Penso sia stato lo scontro con Sasori l’autentico
spartiacque: rappresentava il mio battesimo con l’Akatsuki ed ero sopravvissuta.
Avevo imparato qualcosa sulla crudeltà e sulla forza, ma soprattutto sulle mie
capacità. Non ero più la ragazzina che fissava la schiena di due compagni
eccezionali, ma ero degna di marciare al loro fianco.
Credo che Alba avesse deciso di puntare tutto su un attacco
decisivo perché Konoha si era rivelata più dura e ostinata del previsto. Non
avrebbe potuto essere altrimenti, in fondo, con una donna come la maestra
Tsunade al comando. L’Akatsuki credeva che l’ultimo cercotero sarebbe stato
preda facile.
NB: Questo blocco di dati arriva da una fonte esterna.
(* Let $k\ge1$. The logic $\mathbb{L}_k^{\le}$ is finitely equivalential, with set of equivalence formulas $E(p,q)=\{\delta(p,q)\}$, and hence protoalgebraic; but $\mathbb{L}_k^{\le}$ is not algebraizable in the sense of Blok and Pigozzi.
   Context: A modal pseudocomplemented De Morgan algebra ($mpM$-algebra) is an algebra $\langle A,\wedge,\vee,\sim,{}^\ast,0,1\rangle$ such that $\langle A,\wedge,\vee,\sim,0,1\rangle$ is a De Morgan algebra (bounded distributive lattice with $\sim\sim x=x$, $\sim(x\vee y)=\sim x\wedge\sim y$), $x^\ast$ is the pseudocomplement of $x$, and $x\vee\sim x\le x\vee x^\ast$. A $\mathcal{C}_k$-algebra ($k\ge1$) is a pair $(A,t)$ with $A$ an $mpM$-algebra and $t$ an $mpM$-automorphism of $A$ with $t^k=\mathrm{id}$. $Fm$ is the set of formulas built from a denumerable set of variables with connectives $\wedge,\vee$ (binary), $\sim,{}^\ast,t$ (unary), $\top,\bot$ (constants); a valuation into $(A,t)$ is a homomorphism $v:Fm\to(A,t)$ (with $v(\top)=1$, $v(\bot)=0$). The degree-preserving logic $\mathbb{L}_k^{\le}=\langle Fm,\models_k^{\le}\rangle$: for nonempty finite $\{\alpha_1,\dots,\alpha_n\}$, $\alpha_1,\dots,\alpha_n\models_k^{\le}\alpha$ iff for every $\mathcal{C}_k$-algebra $(A,t)$, every valuation $v$ and every $a\in A$, if $v(\alpha_i)\ge a$ for all $i$ then $v(\alpha)\ge a$; $\emptyset\models_k^{\le}\alpha$ iff $v(\alpha)=1$ for all $(A,t)$ and $v$; for infinite $\Gamma$, $\Gamma\models_k^{\le}\alpha$ iff some finite nonempty subset entails $\alpha$. Define $x\to y=\sim\big((\sim(x\vee y))^\ast\wedge(x\vee y)\big)\vee\big((\sim(x\wedge y))^\ast\wedge(x\wedge y)\big)$, $x\leftrightarrow y=(x\to y)\wedge(\sim y\to\sim x)$, and $\delta(p,q)=\bigwedge_{i=0}^{k-1}(t^ip\leftrightarrow t^iq)$. A logic $L$ is finitely equivalential if there is a finite set $E(p,q)$ of formulas in two variables with: (E1) $\vdash_L\varepsilon(p,p)$ for all $\varepsilon\in E$; (E2) $E(p,q)\cup\{p\}\vdash_L q$; (E3) for every $n$-ary connective $\#$, $E(p_1,q_1)\cup\dots\cup E(p_n,q_n)\vdash_L E(\#(p_1,\dots,p_n),\#(q_1,\dots,q_n))$. $L$ is protoalgebraic if for every algebra $\mathbf A$ the Leibniz operator $F\mapsto\boldsymbol\Omega_{\mathbf A}F$ (largest congruence compatible with $F$) is monotone on $L$-filters of $\mathbf A$. $L$ is algebraizable (Blok–Pigozzi) if there are a set of equivalence formulas $\Delta(p,q)$ and defining equations $E(p)$ satisfying the standard conditions, equivalently the Leibniz operator is a lattice isomorphism between $L$-filters and relative congruences on every algebra. *)

From Stdlib Require Import List.
Import ListNotations.

Inductive Fm : Type :=
| Var : nat -> Fm
| And : Fm -> Fm -> Fm
| Or : Fm -> Fm -> Fm
| Neg : Fm -> Fm
| Star : Fm -> Fm
| Tc : Fm -> Fm
| Top : Fm
| Bot : Fm.

Fixpoint subst (s : nat -> Fm) (f : Fm) : Fm :=
  match f with
  | Var n => s n
  | And a b => And (subst s a) (subst s b)
  | Or a b => Or (subst s a) (subst s b)
  | Neg a => Neg (subst s a)
  | Star a => Star (subst s a)
  | Tc a => Tc (subst s a)
  | Top => Top
  | Bot => Bot
  end.

Fixpoint vars_in (P : nat -> Prop) (f : Fm) : Prop :=
  match f with
  | Var n => P n
  | And a b | Or a b => vars_in P a /\ vars_in P b
  | Neg a | Star a | Tc a => vars_in P a
  | Top | Bot => True
  end.

(** substitution p := phi, q := psi, where p = Var 0, q = Var 1 *)
Definition sub2 (phi psi : Fm) (n : nat) : Fm :=
  match n with 0 => phi | 1 => psi | _ => Var n end.

Record sigalg : Type := SigAlg {
  car : Type;
  s_and : car -> car -> car;
  s_or : car -> car -> car;
  s_neg : car -> car;
  s_star : car -> car;
  s_t : car -> car;
  s_top : car;
  s_bot : car }.

Fixpoint eval (A : sigalg) (v : nat -> car A) (f : Fm) : car A :=
  match f with
  | Var n => v n
  | And a b => s_and A (eval A v a) (eval A v b)
  | Or a b => s_or A (eval A v a) (eval A v b)
  | Neg a => s_neg A (eval A v a)
  | Star a => s_star A (eval A v a)
  | Tc a => s_t A (eval A v a)
  | Top => s_top A
  | Bot => s_bot A
  end.

Definition le (A : sigalg) (x y : car A) : Prop := s_and A x y = x.

Record Ck_alg (k : nat) : Type := CkAlg {
  ck :> sigalg;
  and_assoc : forall x y z : car ck, s_and ck x (s_and ck y z) = s_and ck (s_and ck x y) z;
  or_assoc : forall x y z : car ck, s_or ck x (s_or ck y z) = s_or ck (s_or ck x y) z;
  and_comm : forall x y : car ck, s_and ck x y = s_and ck y x;
  or_comm : forall x y : car ck, s_or ck x y = s_or ck y x;
  and_absorb : forall x y : car ck, s_and ck x (s_or ck x y) = x;
  or_absorb : forall x y : car ck, s_or ck x (s_and ck x y) = x;
  and_distr : forall x y z : car ck,
      s_and ck x (s_or ck y z) = s_or ck (s_and ck x y) (s_and ck x z);
  or_bot : forall x : car ck, s_or ck x (s_bot ck) = x;
  and_top : forall x : car ck, s_and ck x (s_top ck) = x;
  neg_invol : forall x : car ck, s_neg ck (s_neg ck x) = x;
  neg_or : forall x y : car ck, s_neg ck (s_or ck x y) = s_and ck (s_neg ck x) (s_neg ck y);
  star_pc : forall x y : car ck, s_and ck x y = s_bot ck <-> le ck y (s_star ck x);
  mpM_ax : forall x : car ck,
      le ck (s_or ck x (s_neg ck x)) (s_or ck x (s_star ck x));
  t_and : forall x y : car ck, s_t ck (s_and ck x y) = s_and ck (s_t ck x) (s_t ck y);
  t_or : forall x y : car ck, s_t ck (s_or ck x y) = s_or ck (s_t ck x) (s_t ck y);
  t_neg : forall x : car ck, s_t ck (s_neg ck x) = s_neg ck (s_t ck x);
  t_star : forall x : car ck, s_t ck (s_star ck x) = s_star ck (s_t ck x);
  t_top : s_t ck (s_top ck) = s_top ck;
  t_bot : s_t ck (s_bot ck) = s_bot ck;
  t_inj : forall x y : car ck, s_t ck x = s_t ck y -> x = y;
  t_surj : forall y : car ck, exists x, s_t ck x = y;
  t_period : forall x : car ck, Nat.iter k (s_t ck) x = x }.

Definition logic := (Fm -> Prop) -> Fm -> Prop.

Definition ck_entails (k : nat) (l : list Fm) (a : Fm) : Prop :=
  forall (A : Ck_alg k) (v : nat -> car A) (x : car A),
    (forall b, In b l -> le A x (eval A v b)) -> le A x (eval A v a).

Definition ck_valid (k : nat) (a : Fm) : Prop :=
  forall (A : Ck_alg k) (v : nat -> car A), eval A v a = s_top A.

Definition Lk (k : nat) : logic := fun G a =>
  ((forall b, ~ G b) /\ ck_valid k a) \/
  (exists l : list Fm, l <> [] /\ (forall b, In b l -> G b) /\ ck_entails k l a).

Definition imp (x y : Fm) : Fm :=
  Or (Neg (And (Star (Neg (Or x y))) (Or x y)))
     (And (Star (Neg (And x y))) (And x y)).
Definition iff (x y : Fm) : Fm := And (imp x y) (imp (Neg y) (Neg x)).

Definition tpow (i : nat) (x : Fm) : Fm := Nat.iter i Tc x.

Fixpoint delta_upto (m : nat) (p q : Fm) : Fm :=
  match m with
  | 0 => iff (tpow 0 p) (tpow 0 q)
  | S m' => And (delta_upto m' p q) (iff (tpow m p) (tpow m q))
  end.

Definition delta (k : nat) : Fm := delta_upto (k - 1) (Var 0) (Var 1).

Definition no_prem : Fm -> Prop := fun _ => False.

Definition cons_all (L : logic) (G D : Fm -> Prop) : Prop :=
  forall a, D a -> L G a.

Definition inst2 (D : Fm -> Prop) (phi psi : Fm) : Fm -> Prop :=
  fun c => exists d, D d /\ c = subst (sub2 phi psi) d.

Definition union (X Y : Fm -> Prop) : Fm -> Prop := fun a => X a \/ Y a.

Definition two_var (D : Fm -> Prop) : Prop :=
  forall d, D d -> vars_in (fun n => n = 0 \/ n = 1) d.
Sino a quel momento, eccetto forse quel ch’era capitato con Gaara,
i jinchuriki erano considerati sacrificabili inopportuni. Chi avrebbe mai
lottato per la vita di un mostro?
Nei miei ricordi di bambina quella parola ricorre con
frequenza eloquente. Prima di conoscerlo e di scoprire quanto generoso fosse il
suo cuore e straordinario il suo talento – e non per Kyuubi, ma per quanto era
ostinato lui – Naruto non era per me nulla di diverso.
C’era senz’altro chi l’aveva accolto senza riserve – il
maestro Iruka o Shikamaru, ad esempio – ma non sbagliava Uzumaki quando si
sentiva un emarginato. Il Terzo Hokage era stato deciso ed eloquente nel dirci
che avremmo piuttosto dovuto considerarlo un eroe, perché quel bambino
impossibile aveva chiuso in sé una nemesi epocale, ma era più facile
accontentarsi di ascoltare la voce comune e quel che tutti gridavano.
Uzumaki non era il vaso della volpe. Naruto era la volpe
stessa.
Oggi nessuno oserebbe più apostrofarlo in quel modo, come
nessuno faceva più in quei giorni, perché proprio Kyuubi, all’improvviso,
sarebbe divenuto l’essenziale alleato della Foglia. Senz’altro non avremmo
abbandonato un compagno per niente al mondo. Non credevamo alla legge
dell’arbitrio e della prevaricazione di Alba. Noi eravamo diversi e volevamo che
i nostri nemici lo sapessero.
Quel giorno non soffiava un solo alito di vento. Il sole era
alto nel cielo e i suoi raggi bruciavano con forza insospettata. Ricordo che
incontrai Ino, lungo la via principale del villaggio. C’era qualcosa di duro e
teso nel suo sguardo, quasi avvertisse una minaccia che non riusciva però a
verbalizzare del tutto.
Mi ci volle un po’ a ricordare ch’era da poco rientrata dalla
missione con Shikamaru e che l’aveva visto perdere il controllo per la prima
volta in tutta la sua vita.
“Mi chiedo se non sia inevitabile,” mi disse. Sceglieva con
estrema cura le parole, scollandole a fatica. In lei potevo leggere quel che
anche lo specchio mi diceva: eravamo proprio cresciute. A tratti, non
somigliavamo neppure più a noi stesse.
“Cosa? Combattere?”
Un tempo non avrei osato essere tanto diretta, persino
aggressiva, nei suoi confronti. Prima di essere la mia migliore amica, Ino era
una rivale insuperabile, ma il tempo che aveva travolto le nostre vite e le
nostre scelte aveva mutato tutto. Soprattutto il nostro rapporto.
Dopo Shizune, ero la prima allieva di Tsunade. Ero più forte
e tecnicamente più dotata. Ero sbocciata del tutto, trasformandomi in un fiore
che forse non aveva previsto: un anemone.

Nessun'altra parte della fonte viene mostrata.